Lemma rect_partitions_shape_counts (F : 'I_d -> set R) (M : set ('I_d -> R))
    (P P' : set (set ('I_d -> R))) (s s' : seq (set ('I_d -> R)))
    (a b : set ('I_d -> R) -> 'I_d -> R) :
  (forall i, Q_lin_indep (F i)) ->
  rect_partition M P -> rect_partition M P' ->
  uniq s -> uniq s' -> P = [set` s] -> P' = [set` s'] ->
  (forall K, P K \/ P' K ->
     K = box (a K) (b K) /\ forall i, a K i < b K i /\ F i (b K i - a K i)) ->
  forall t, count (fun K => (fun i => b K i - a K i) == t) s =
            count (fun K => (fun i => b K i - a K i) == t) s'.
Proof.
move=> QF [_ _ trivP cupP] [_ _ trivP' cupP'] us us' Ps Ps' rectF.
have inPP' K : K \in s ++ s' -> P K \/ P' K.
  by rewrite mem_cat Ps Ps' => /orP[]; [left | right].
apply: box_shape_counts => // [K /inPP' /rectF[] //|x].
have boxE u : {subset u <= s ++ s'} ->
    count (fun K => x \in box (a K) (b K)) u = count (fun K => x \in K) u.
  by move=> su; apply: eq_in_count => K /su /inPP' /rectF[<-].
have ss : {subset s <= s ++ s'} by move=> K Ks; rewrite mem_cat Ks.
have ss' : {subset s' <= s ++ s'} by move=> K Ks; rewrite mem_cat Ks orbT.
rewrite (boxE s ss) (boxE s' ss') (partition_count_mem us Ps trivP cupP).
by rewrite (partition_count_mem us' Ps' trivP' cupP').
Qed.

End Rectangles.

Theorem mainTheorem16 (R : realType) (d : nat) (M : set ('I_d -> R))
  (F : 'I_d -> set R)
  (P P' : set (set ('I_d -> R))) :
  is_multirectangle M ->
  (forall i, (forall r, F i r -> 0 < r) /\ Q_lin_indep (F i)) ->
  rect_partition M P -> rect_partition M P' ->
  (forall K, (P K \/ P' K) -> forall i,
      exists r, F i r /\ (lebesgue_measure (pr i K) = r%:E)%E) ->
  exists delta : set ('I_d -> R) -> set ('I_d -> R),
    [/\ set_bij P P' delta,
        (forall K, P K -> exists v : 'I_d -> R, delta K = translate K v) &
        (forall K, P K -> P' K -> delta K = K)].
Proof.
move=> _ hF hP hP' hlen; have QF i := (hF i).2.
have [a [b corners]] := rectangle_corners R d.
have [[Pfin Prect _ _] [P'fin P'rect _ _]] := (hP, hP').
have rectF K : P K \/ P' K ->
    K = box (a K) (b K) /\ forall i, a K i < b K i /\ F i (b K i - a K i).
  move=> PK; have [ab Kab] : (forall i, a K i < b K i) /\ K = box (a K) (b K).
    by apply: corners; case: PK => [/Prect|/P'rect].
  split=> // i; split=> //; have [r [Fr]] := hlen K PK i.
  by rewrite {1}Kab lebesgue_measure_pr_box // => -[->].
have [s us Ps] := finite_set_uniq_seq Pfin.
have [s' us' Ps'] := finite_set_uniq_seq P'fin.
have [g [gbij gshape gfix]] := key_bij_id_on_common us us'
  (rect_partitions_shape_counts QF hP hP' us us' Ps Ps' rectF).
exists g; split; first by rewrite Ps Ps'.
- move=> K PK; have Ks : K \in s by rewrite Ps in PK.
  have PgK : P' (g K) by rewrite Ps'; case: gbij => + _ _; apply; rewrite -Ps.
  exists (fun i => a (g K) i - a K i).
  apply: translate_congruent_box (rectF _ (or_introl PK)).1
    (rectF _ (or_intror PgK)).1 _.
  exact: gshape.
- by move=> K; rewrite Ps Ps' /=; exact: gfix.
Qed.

* * * * *

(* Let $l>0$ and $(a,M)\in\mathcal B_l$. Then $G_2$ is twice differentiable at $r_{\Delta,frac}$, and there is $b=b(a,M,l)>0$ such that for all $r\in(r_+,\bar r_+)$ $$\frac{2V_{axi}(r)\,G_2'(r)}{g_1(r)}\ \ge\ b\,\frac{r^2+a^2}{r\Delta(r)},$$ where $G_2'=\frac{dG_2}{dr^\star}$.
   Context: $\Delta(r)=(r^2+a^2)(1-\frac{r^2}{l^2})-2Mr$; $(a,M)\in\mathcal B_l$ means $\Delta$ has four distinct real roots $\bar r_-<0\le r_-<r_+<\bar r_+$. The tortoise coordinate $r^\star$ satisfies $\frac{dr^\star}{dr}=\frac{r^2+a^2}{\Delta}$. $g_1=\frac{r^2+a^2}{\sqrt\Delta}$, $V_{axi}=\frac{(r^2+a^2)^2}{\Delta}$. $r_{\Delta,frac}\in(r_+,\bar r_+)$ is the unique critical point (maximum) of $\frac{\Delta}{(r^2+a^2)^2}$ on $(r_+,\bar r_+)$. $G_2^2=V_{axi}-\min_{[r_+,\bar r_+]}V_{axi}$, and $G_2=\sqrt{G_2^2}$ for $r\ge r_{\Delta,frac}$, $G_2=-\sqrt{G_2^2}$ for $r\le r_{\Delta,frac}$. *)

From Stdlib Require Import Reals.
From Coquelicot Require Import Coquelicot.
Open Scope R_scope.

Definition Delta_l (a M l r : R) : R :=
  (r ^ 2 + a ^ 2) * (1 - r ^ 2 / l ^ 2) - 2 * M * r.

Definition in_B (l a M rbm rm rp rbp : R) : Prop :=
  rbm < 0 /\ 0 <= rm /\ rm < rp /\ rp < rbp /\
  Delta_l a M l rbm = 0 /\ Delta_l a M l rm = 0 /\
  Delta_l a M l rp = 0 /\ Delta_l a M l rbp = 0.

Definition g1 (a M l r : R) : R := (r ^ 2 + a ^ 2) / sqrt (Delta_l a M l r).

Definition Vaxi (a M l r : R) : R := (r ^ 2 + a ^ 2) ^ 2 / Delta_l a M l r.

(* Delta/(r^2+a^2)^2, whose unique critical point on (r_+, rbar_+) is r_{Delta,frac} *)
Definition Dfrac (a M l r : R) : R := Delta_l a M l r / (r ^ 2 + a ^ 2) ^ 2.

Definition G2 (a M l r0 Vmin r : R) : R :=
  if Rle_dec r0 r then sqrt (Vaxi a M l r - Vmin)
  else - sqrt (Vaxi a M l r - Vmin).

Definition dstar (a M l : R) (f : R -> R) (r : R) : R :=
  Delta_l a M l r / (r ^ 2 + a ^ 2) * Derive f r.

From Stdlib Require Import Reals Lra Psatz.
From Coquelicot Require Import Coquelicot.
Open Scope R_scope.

* * * * *

◆ WORK TASK
Lines holding the word "apply" should be counted across the entries; state only how many there are.

◆ WRITTEN RESPONSE
5